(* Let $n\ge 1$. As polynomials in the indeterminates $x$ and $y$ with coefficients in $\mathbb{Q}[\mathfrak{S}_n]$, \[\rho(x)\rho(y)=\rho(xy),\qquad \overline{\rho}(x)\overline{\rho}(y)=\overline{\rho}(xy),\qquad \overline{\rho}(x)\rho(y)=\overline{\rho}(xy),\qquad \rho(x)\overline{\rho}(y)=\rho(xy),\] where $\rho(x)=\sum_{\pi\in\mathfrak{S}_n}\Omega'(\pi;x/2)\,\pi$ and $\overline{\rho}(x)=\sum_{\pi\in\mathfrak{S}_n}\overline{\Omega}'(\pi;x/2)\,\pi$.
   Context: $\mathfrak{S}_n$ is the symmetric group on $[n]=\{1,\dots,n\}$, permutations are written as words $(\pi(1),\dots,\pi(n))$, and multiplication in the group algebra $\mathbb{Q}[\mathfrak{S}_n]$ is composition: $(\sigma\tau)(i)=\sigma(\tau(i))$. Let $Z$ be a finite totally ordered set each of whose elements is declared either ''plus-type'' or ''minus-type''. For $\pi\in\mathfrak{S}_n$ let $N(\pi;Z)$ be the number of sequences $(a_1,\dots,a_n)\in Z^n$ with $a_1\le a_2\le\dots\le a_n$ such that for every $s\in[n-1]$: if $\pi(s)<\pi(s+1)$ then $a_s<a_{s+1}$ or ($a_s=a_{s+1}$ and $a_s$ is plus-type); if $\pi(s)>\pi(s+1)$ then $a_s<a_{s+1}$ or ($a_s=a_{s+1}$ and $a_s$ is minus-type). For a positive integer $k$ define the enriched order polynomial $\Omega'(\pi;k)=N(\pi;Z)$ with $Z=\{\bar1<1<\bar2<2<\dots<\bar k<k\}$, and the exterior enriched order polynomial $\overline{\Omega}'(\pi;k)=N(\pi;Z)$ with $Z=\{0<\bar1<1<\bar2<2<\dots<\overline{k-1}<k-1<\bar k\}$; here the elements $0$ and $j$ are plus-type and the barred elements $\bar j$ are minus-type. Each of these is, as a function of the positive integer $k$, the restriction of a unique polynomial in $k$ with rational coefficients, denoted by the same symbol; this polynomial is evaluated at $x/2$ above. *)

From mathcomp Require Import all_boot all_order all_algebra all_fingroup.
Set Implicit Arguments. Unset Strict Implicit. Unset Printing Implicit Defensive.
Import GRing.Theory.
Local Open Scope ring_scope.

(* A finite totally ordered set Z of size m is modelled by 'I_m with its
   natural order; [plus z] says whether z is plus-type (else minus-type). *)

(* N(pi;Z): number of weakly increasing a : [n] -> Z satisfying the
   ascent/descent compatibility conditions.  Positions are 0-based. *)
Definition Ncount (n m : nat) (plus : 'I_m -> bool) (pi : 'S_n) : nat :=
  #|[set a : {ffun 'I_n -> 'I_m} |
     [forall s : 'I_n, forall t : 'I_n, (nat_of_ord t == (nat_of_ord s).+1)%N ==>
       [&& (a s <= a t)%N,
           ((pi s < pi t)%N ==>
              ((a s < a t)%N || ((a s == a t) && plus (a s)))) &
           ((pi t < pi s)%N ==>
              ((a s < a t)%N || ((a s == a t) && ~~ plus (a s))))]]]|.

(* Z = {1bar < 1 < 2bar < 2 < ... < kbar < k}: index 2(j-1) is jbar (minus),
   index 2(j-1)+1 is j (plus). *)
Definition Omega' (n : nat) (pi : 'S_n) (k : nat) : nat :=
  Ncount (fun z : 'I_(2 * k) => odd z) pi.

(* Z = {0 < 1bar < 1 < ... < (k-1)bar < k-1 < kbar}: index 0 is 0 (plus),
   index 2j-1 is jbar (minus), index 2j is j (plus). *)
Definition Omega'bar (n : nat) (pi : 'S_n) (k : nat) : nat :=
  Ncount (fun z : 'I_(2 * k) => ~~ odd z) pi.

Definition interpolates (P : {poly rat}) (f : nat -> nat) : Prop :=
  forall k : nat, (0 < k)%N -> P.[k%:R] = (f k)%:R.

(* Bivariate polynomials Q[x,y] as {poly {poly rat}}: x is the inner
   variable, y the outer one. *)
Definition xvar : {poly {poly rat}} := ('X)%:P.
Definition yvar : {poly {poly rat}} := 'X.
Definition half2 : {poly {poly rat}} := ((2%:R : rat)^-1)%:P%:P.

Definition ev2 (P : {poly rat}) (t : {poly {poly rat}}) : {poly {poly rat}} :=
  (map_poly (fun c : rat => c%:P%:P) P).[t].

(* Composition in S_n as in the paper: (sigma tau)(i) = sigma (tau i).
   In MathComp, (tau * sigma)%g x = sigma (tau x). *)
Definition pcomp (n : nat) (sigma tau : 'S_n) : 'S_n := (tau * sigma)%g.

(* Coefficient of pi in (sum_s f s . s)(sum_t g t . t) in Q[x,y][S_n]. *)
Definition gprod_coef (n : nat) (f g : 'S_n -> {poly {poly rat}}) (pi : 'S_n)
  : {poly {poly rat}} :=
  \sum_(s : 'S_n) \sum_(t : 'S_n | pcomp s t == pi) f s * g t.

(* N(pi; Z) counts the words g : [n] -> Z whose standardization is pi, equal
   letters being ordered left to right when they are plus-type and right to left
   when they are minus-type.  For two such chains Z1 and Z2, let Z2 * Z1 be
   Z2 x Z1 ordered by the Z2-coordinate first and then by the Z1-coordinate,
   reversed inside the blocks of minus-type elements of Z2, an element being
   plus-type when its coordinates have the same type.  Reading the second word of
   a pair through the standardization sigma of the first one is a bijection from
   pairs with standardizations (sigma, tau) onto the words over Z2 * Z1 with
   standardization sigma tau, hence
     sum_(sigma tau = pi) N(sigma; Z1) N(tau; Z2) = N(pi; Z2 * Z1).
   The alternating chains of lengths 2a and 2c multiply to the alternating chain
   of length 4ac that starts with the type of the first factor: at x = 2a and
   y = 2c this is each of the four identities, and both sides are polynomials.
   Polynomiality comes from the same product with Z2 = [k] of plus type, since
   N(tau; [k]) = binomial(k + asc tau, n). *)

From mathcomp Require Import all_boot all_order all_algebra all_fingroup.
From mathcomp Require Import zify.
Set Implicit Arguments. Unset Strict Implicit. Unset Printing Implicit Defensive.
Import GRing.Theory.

TASK BRIEF:
Where in the entries does the word "words" occur? Copy out each line that has it.

OUTPUT BELOW:
   Context: $\mathfrak{S}_n$ is the symmetric group on $[n]=\{1,\dots,n\}$, permutations are written as words $(\pi(1),\dots,\pi(n))$, and multiplication in the group algebra $\mathbb{Q}[\mathfrak{S}_n]$ is composition: $(\sigma\tau)(i)=\sigma(\tau(i))$. Let $Z$ be a finite totally ordered set each of whose elements is declared either ''plus-type'' or ''minus-type''. For $\pi\in\mathfrak{S}_n$ let $N(\pi;Z)$ be the number of sequences $(a_1,\dots,a_n)\in Z^n$ with $a_1\le a_2\le\dots\le a_n$ such that for every $s\in[n-1]$: if $\pi(s)<\pi(s+1)$ then $a_s<a_{s+1}$ or ($a_s=a_{s+1}$ and $a_s$ is plus-type); if $\pi(s)>\pi(s+1)$ then $a_s<a_{s+1}$ or ($a_s=a_{s+1}$ and $a_s$ is minus-type). For a positive integer $k$ define the enriched order polynomial $\Omega'(\pi;k)=N(\pi;Z)$ with $Z=\{\bar1<1<\bar2<2<\dots<\bar k<k\}$, and the exterior enriched order polynomial $\overline{\Omega}'(\pi;k)=N(\pi;Z)$ with $Z=\{0<\bar1<1<\bar2<2<\dots<\overline{k-1}<k-1<\bar k\}$; here the elements $0$ and $j$ are plus-type and the barred elements $\bar j$ are minus-type. Each of these is, as a function of the positive integer $k$, the restriction of a unique polynomial in $k$ with rational coefficients, denoted by the same symbol; this polynomial is evaluated at $x/2$ above. *)
(* N(pi; Z) counts the words g : [n] -> Z whose standardization is pi, equal
   pairs with standardizations (sigma, tau) onto the words over Z2 * Z1 with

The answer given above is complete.